(* Consider on $\mathcal D=[0,+\infty)^3$ the system $$\dot E=\beta_E F\Big(1-\frac{E}{K}\Big)-(\nu_E+\delta_E)E,\qquad \dot M=(1-\nu)\nu_E E-\delta_M M,\qquad \dot F=\nu\nu_E E-\delta_F F .$$ If $\mathcal R_0\le 1$, then the equilibrium $\mathbf 0=(0,0,0)^T$ is globally asymptotically stable in $\mathcal D$ for this system.
   Context: Parameters: $\beta_E,\nu_E,\delta_E,\delta_M,\delta_F,K>0$ and $\nu\in(0,1)$. The basic offspring number is $\mathcal R_0:=\dfrac{\beta_E\nu\nu_E}{\delta_F(\nu_E+\delta_E)}$. The set $\mathcal D$ is positively invariant and solutions starting in $\mathcal D$ are defined for all $t\ge0$. An equilibrium $x_e\in\mathcal D$ is stable in $\mathcal D$ if for every $\varepsilon>0$ there is $\delta>0$ such that every solution with $x(0)\in\mathcal D$, $\|x(0)-x_e\|<\delta$ satisfies $\|x(t)-x_e\|<\varepsilon$ for all $t>0$; it is a global attractor in $\mathcal D$ if every solution with $x(0)\in\mathcal D$ satisfies $x(t)\to x_e$ as $t\to\infty$; it is globally asymptotically stable in $\mathcal D$ if it is both stable and a global attractor in $\mathcal D$. *)

From Stdlib Require Import Reals.
Open Scope R_scope.

Definition basic_offspring (bE nuE dE dF nu : R) : R :=
  bE * nu * nuE / (dF * (nuE + dE)).

Definition norm3 (a b c : R) : R := sqrt (a * a + b * b + c * c).

Definition inD (a b c : R) : Prop := 0 <= a /\ 0 <= b /\ 0 <= c.

Definition right_cont0 (f : R -> R) : Prop :=
  forall eps, 0 < eps -> exists d, 0 < d /\
    forall t, 0 <= t < d -> Rabs (f t - f 0) < eps.

(* (E,M,F) is a solution of the system on [0,+oo): continuous at t = 0
   (from the right) and satisfying the ODE at every t > 0.  Values at
   t < 0 are irrelevant. *)
Definition is_solution (bE nuE dE dM dF K nu : R) (E M F : R -> R) : Prop :=
  (forall t, 0 < t ->
     derivable_pt_lim E t (bE * F t * (1 - E t / K) - (nuE + dE) * E t) /\
     derivable_pt_lim M t ((1 - nu) * nuE * E t - dM * M t) /\
     derivable_pt_lim F t (nu * nuE * E t - dF * F t)) /\
  right_cont0 E /\ right_cont0 M /\ right_cont0 F.

Definition stable0_in_D (bE nuE dE dM dF K nu : R) : Prop :=
  forall eps, 0 < eps -> exists delta, 0 < delta /\
    forall E M F : R -> R,
      is_solution bE nuE dE dM dF K nu E M F ->
      inD (E 0) (M 0) (F 0) ->
      norm3 (E 0) (M 0) (F 0) < delta ->
      forall t, 0 < t -> norm3 (E t) (M t) (F t) < eps.

Definition attractor0_in_D (bE nuE dE dM dF K nu : R) : Prop :=
  forall E M F : R -> R,
    is_solution bE nuE dE dM dF K nu E M F ->
    inD (E 0) (M 0) (F 0) ->
    forall eps, 0 < eps -> exists T, forall t, T <= t ->
      norm3 (E t) (M t) (F t) < eps.

Definition GAS0_in_D (bE nuE dE dM dF K nu : R) : Prop :=
  stable0_in_D bE nuE dE dM dF K nu /\ attractor0_in_D bE nuE dE dM dF K nu.

(* Write a = nuE + dE and b = nu * nuE; the condition R0 <= 1 reads
   bE * b <= dF * a.  The proof follows the classical Lyapunov route.
   1. Positivity: the squared negative parts w = min(E,0)^2 + min(F,0)^2
      satisfy w' <= C w (C depending on a bound for |F| on [0,t]), so the
      Gronwall argument gives w = 0; then M >= 0 by a linear comparison.
   2. The weighted population V = b E + a F is nonincreasing, because
      V' = -(dF a - bE b) F - (bE b / K) E F <= 0.
   3. V -> 0: if V stayed above L > 0, then F' >= (a+dF)(L/(a+dF) - F) forces
      F >= m > 0 eventually, and then V + theta F + rho s is nonincreasing for
      suitable theta, rho > 0, contradicting V, F >= 0 for large s.
   4. M obeys M' = (1-nu) nuE E - dM M, so M is controlled by sup E. *)

From Stdlib Require Import Reals Lra Psatz Classical.
Open Scope R_scope.

Lemma right_cont0_limit (f : R -> R) :
  right_cont0 f <-> limit1_in f (fun x => 0 <= x) (f 0) 0.
Proof.
  unfold right_cont0, limit1_in, limit_in; simpl; unfold R_dist.
  split; intros H eps Heps; destruct (H eps Heps) as [d [Hd Hf]];
    exists d; split; auto; intros x [Hx Hxd]; apply Hf;
    rewrite ?Rminus_0_r, ?Rabs_right in *; lra.
Qed.

Lemma right_cont0_const (c : R) : right_cont0 (fun _ => c).
Proof. apply right_cont0_limit. exact (limit_free (fun _ => c) _ 0 0). Qed.

Lemma right_cont0_id : right_cont0 (fun x => x).
Proof. apply right_cont0_limit, lim_x. Qed.

Lemma right_cont0_plus (f g : R -> R) :
  right_cont0 f -> right_cont0 g -> right_cont0 (fun x => f x + g x).
Proof. rewrite !right_cont0_limit. apply limit_plus. Qed.
Lemma measure_box_perm_tuple s a b :
  mu (box (perm_tuple s a) (perm_tuple s b)) = mu (box a b).
Proof.
have [ab|] := pselect (forall i, tnth a i <= tnth b i).
  rewrite !mu_box //; last by move=> i; rewrite !tnth_perm_tuple.
  congr EFin; rewrite [RHS](reindex_inj (@perm_inj _ s)) /=.
  by apply: eq_bigr => i _; rewrite !tnth_perm_tuple.
move=> /existsNP[i /negP]; rewrite -ltNge => ba.
have empty_box c c' j : tnth c' j < tnth c j -> box c c' = set0.
  move=> lt_c'c; apply/seteqP; split => // x /(_ j) /andP[cx xc'].
  by have := lt_trans (le_lt_trans cx xc') lt_c'c; rewrite ltxx.
rewrite (empty_box a b i) // (empty_box _ _ (s^-1 i)%g) //.
by rewrite !tnth_perm_tuple permKV.
Qed.

Lemma measure_preimage_perm_tuple s A :
  measurable A -> mu (perm_tuple s @^-1` A) = mu A.
Proof.
move=> mA; apply/esym.
apply: (g_sigma_algebra_measure_unique boxes _ cube _ bigcup_cube mu
  (pushforward mu (perm_tuple s))).
- by move=> _ [a [b ->]]; apply: measurable_box.
- by move=> k; exists [tuple - k%:R | _ < n], [tuple k%:R | _ < n].
- exact: measurable_perm_tuple.
- exact: setI_closed_boxes.
- move=> ? _ [a [b ->]]; rewrite /= /pushforward preimage_perm_tuple_box.
  by rewrite measure_box_perm_tuple.
- move=> k; rewrite mu_box ?ltry // => i; rewrite !tnth_mktuple.
  by rewrite (@le_trans _ _ 0) // oppr_le0.
- exact: measurable_sub_boxes.
Qed.

End coordinate_permutation.

Section mlp_action.
Variables (R : realType) (L : nat) (d : nat -> nat).
Local Notation W := (weight_space R L d).
Local Notation coordI := (coordI L d).
Implicit Types (g : group_G L d) (w : W).

Lemma tr_perm_mx_mulmx_entry m k (s : {perm 'I_m}) (t : {perm 'I_k})
    (M : 'M[R]_(m, k)) a b :
  ((perm_mx s)^T *m M *m perm_mx t) a b = M (s^-1 a)%g (t^-1 b)%g.
Proof.
rewrite tr_perm_mx -row_permE -[perm_mx t](congr1 perm_mx (invgK t)) -col_permE.
by rewrite !mxE.
Qed.

Lemma tr_perm_mx_mulcol_entry m (s : {perm 'I_m}) (v : 'cV[R]_m) a :
  ((perm_mx s)^T *m v) a ord0 = v (s^-1 a)%g ord0.
Proof. by rewrite tr_perm_mx -row_permE mxE. Qed.

Definition coord_act g (c : coordI) : coordI :=
  match c with
  | inl (existT l (a, b)) => inl (existT _ l ((permk g l.+1)^-1 a, (permk g l)^-1 b)%g)
  | inr (existT l a) => inr (existT _ l ((permk g l.+1)^-1 a)%g)
  end.

Definition coord_act_inv g (c : coordI) : coordI :=
  match c with
  | inl (existT l (a, b)) => inl (existT _ l (permk g l.+1 a, permk g l b))
  | inr (existT l a) => inr (existT _ l (permk g l.+1 a))
  end.

Lemma coord_actK g : cancel (coord_act g) (coord_act_inv g).
Proof. by case=> [[l [a b]]|[l a]] /=; rewrite !permKV. Qed.

Lemma tnth_mlp_act g w i : tnth (mlp_act g w) i = Defs.coord w (coord_act g (enum_val i)).
Proof.
rewrite tnth_mktuple; case: (enum_val i) => [[l [a b]]|[l a]] /=.
  by rewrite tr_perm_mx_mulmx_entry mxE.
by rewrite tr_perm_mx_mulcol_entry mxE.
Qed.

Definition coord_perm g : {perm 'I_(dimW L d)} :=
  perm (inj_comp (@enum_rank_inj _) (inj_comp (can_inj (coord_actK g)) enum_val_inj)).

Lemma mlp_act_perm_tuple g : (mlp_act g : W -> W) = perm_tuple (coord_perm g).
Proof.
apply/funext => w; apply: eq_from_tnth => i.
by rewrite tnth_perm_tuple tnth_mlp_act permE.
Qed.

Lemma measurable_mlp_act g : measurable_fun setT (mlp_act g : W -> W).
Proof. by rewrite mlp_act_perm_tuple; apply: measurable_perm_tuple. Qed.

Lemma measure_preimage_mlp_act (mu : {measure set W -> \bar R}) g A :
  is_lebesgue mu -> measurable A -> mu (mlp_act g @^-1` A) = mu A.
Proof. by rewrite mlp_act_perm_tuple => mu_leb; apply: measure_preimage_perm_tuple. Qed.

Definition group_G1 : group_G L d := [ffun => 1%g].

Lemma permk_G1 k : permk group_G1 k = 1%g.
Proof.
case: k => [|k] //=; move: (erefl (k < L.-1)%N).
by case: {2 3}(k < L.-1)%N => // k_lt; rewrite ffunE.
Qed.

Lemma ginv_G1 : ginv group_G1 = group_G1.
Proof. by apply/ffunP => k; rewrite !ffunE invg1. Qed.

Lemma coord_act_G1 : coord_act group_G1 =1 id.
Proof.
by case=> [[l [a b]]|[l a]]; rewrite /coord_act; cbv beta iota;
  rewrite !permk_G1 !invg1 !perm1.
Qed.

Lemma mlp_act_G1 w : mlp_act group_G1 w = w.
Proof.
by apply: eq_from_tnth => i; rewrite tnth_mlp_act coord_act_G1 /Defs.coord enum_valK.
Qed.

Lemma ginvK : involutive (@ginv L d).
Proof. by move=> g; apply/ffunP => k; rewrite !ffunE invgK. Qed.

End mlp_action.

Section average.
Variables (R : numFieldType) (I : finType).
Hypothesis I_gt0 : (0 < #|{: I}|)%N.

Definition avg (a : I -> R) : R := (#|{: I}|%:R)^-1 * \sum_(i : I) a i.

Lemma invr_card_gt0 : 0 < (#|{: I}|%:R)^-1 :> R.
Proof. by rewrite invr_gt0 ltr0n. Qed.

Lemma avg_cst (x : R) : avg (fun=> x) = x.
Proof.
rewrite /avg sumr_const -[x *+ _]mulr_natl.
by rewrite mulKf // pnatr_eq0 -lt0n.
Qed.

Lemma eavg_cst (x : \bar R) : x \is a fin_num ->
  (((#|{: I}|%:R)^-1)%:E * \sum_(i : I) x)%E = x.
Proof. by move=> /fineK<-; rewrite sumEFin -EFinM; apply/congr1/avg_cst. Qed.

Lemma avg_ge0 (a : I -> R) : (forall i, 0 <= a i) -> 0 <= avg a.
Proof. by move=> a_ge0; rewrite mulr_ge0 ?sumr_ge0. Qed.

Lemma avg_eq0 (a : I -> R) : (forall i, 0 <= a i) -> avg a = 0 -> forall i, a i = 0.
Proof.
move=> a_ge0 /eqP; rewrite mulf_eq0 gt_eqF ?invr_card_gt0 //= => /eqP sum0 i.
exact: (psumr_eq0P (fun i _ => a_ge0 i) sum0).
Qed.

Lemma ler_avg (a b : I -> R) : (forall i, a i <= b i) -> avg a <= avg b.
Proof.
by move=> ab; apply: ler_wpM2l; [exact/ltW/invr_card_gt0 | exact: ler_sum].
Qed.

Lemma avgD (a b : I -> R) : avg (fun i => a i + b i) = avg a + avg b.
Proof. by rewrite /avg big_split mulrDr. Qed.

Lemma avgB (a b : I -> R) : avg (fun i => a i - b i) = avg a - avg b.
Proof. by rewrite /avg sumrB mulrBr. Qed.

Lemma avgMr (a : I -> R) (k : R) : avg (fun i => a i * k) = avg a * k.
Proof. by rewrite /avg -mulr_suml mulrA. Qed.

Lemma avg_le_eq (a b : I -> R) :
  (forall i, a i <= b i) -> avg a = avg b -> forall i, a i = b i.
Proof.
move=> ab avg_ab i; apply/eqP; rewrite eq_sym -subr_eq0; apply/eqP; move: i.
apply: (@avg_eq0 (fun i => b i - a i)) => [i|]; first by rewrite subr_ge0.
by rewrite avgB avg_ab subrr.
Qed.

End average.

Section xlnx.
Variable R : realType.

Lemma ln_le_subr1 (t : R) : 0 < t -> ln t <= t - 1.
Proof. by move=> t_gt0; have := expR_ge1Dx (ln t); rewrite lnK ?posrE // lerBrDl. Qed.

Lemma ln_lt_subr1 (t : R) : 0 < t -> t != 1 -> ln t < t - 1.
Proof.
move=> t_gt0 t_neq1; have := @expR_gt1Dx R (ln t); rewrite lnK ?posrE // ltrBrDl.
by apply; rewrite ln_eq0.
Qed.

Lemma mul_ln_tangent_gap (a m b : R) : 0 < a -> 0 < m -> 0 < b ->
  a * ln (a / b) - (a * ln (m / b) + (a - m)) = a * (m / a - 1 - ln (m / a)).
Proof.
move=> a_gt0 m_gt0 b_gt0.
rewrite !ln_div ?posrE // !mulrBr mulrCA mulfV ?gt_eqF // mulr1; lra.
Qed.

Lemma mul_ln_tangent_le (a m b : R) : 0 <= a -> 0 < m -> 0 < b ->
  a * ln (m / b) + (a - m) <= a * ln (a / b).
Proof.
rewrite le0r => /predU1P[->|a_gt0] m_gt0 b_gt0.
  by rewrite !mul0r add0r subr_le0 ltW.
rewrite -subr_ge0 mul_ln_tangent_gap //.
by apply: mulr_ge0; [exact: ltW | rewrite subr_ge0 ln_le_subr1 ?divr_gt0].
Qed.

Lemma mul_ln_tangent_eq (a m b : R) : 0 <= a -> 0 < m -> 0 < b ->
  a * ln (m / b) + (a - m) = a * ln (a / b) -> a = m.
Proof.
rewrite le0r => /predU1P[->|a_gt0] m_gt0 b_gt0.
  by rewrite !mul0r add0r sub0r => /eqP; rewrite oppr_eq0 gt_eqF.
move=> /eqP; rewrite eq_sym -subr_eq0 mul_ln_tangent_gap // mulf_eq0 gt_eqF //=.
apply: contraTeq => a_neq_m; rewrite subr_eq0 eq_sym lt_eqF // ln_lt_subr1 ?divr_gt0 //.
by apply: contra a_neq_m => /eqP/divr1_eq ->.
Qed.

End xlnx.

Section jensen.
Variables (R : realType) (I : finType).
Hypothesis I_gt0 : (0 < #|{: I}|)%N.
Implicit Types (a : I -> R) (b : R).

(* Averaging the tangent lines at [avg a] gives back the value at [avg a]. *)
Let avg_tangent a b :
  avg (fun i => a i * ln (avg a / b) + (a i - avg a)) = avg a * ln (avg a / b).
Proof. by rewrite avgD avgMr avgB avg_cst // subrr addr0. Qed.

Lemma avg_mul_ln_le a b : 0 < b -> (forall i, 0 <= a i) ->
  avg a * ln (avg a / b) <= avg (fun i => a i * ln (a i / b)).
Proof.
move=> b_gt0 a_ge0; have := avg_ge0 a_ge0; rewrite le0r => /predU1P[avg0|avg_gt0].
  by rewrite avg0 mul0r; apply: avg_ge0 => // i; rewrite (avg_eq0 I_gt0 a_ge0 avg0) mul0r.
by rewrite -{1}avg_tangent; apply: ler_avg => // i; apply: mul_ln_tangent_le.
Qed.

Lemma avg_mul_ln_eq a b : 0 < b -> (forall i, 0 <= a i) ->
  avg a * ln (avg a / b) = avg (fun i => a i * ln (a i / b)) -> forall i, a i = avg a.
Proof.
move=> b_gt0 a_ge0; have := avg_ge0 a_ge0; rewrite le0r => /predU1P[avg0|avg_gt0].
  by move=> _ i; rewrite avg0 (avg_eq0 I_gt0 a_ge0 avg0).
rewrite -{1}avg_tangent => /avg_le_eq eq_tangent i.
by apply: mul_ln_tangent_eq (eq_tangent _ _ i) => // {}i; apply: mul_ln_tangent_le.
Qed.

Local Open Scope ereal_scope.

Lemma klterm_gt0r (x : R) b : (0 < b)%R -> klterm x b = (x * ln (x / b))%:E.
Proof.
move=> b_gt0; rewrite /klterm (gt_eqF b_gt0).
by case: (x =P 0%R) => [->|]; rewrite ?mul0r.
Qed.

Lemma klterm0r_ge0 (x : R) : 0 <= klterm x 0.
Proof. by rewrite /klterm eqxx; case: ifP. Qed.

Lemma sum_klterm0r a j : a j != 0%R -> \sum_i klterm (a i) 0 = +oo.
Proof.
move=> aj_neq0; rewrite (bigD1 j) //= {1}/klterm (negbTE aj_neq0) eqxx addye //.
by rewrite gt_eqF // (lt_le_trans (ltNyr 0)) // sume_ge0 // => i _; apply: klterm0r_ge0.
Qed.

Lemma eavg_klterm_gt0r a b : (0 < b)%R ->
  ((#|{: I}|%:R)^-1)%:E * \sum_i klterm (a i) b = (avg (fun i => a i * ln (a i / b)))%:E.
Proof.
by move=> b_gt0; under eq_bigr do rewrite klterm_gt0r //; rewrite sumEFin -EFinM.
Qed.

- - - -

__WORK REQUIRED__:
From the data above, copy out every line with the string "avgB" in it.

__TASK ANSWER__:
Lemma avgB (a b : I -> R) : avg (fun i => a i - b i) = avg a - avg b.
by rewrite avgB avg_ab subrr.
Proof. by rewrite avgD avgMr avgB avg_cst // subrr addr0. Qed.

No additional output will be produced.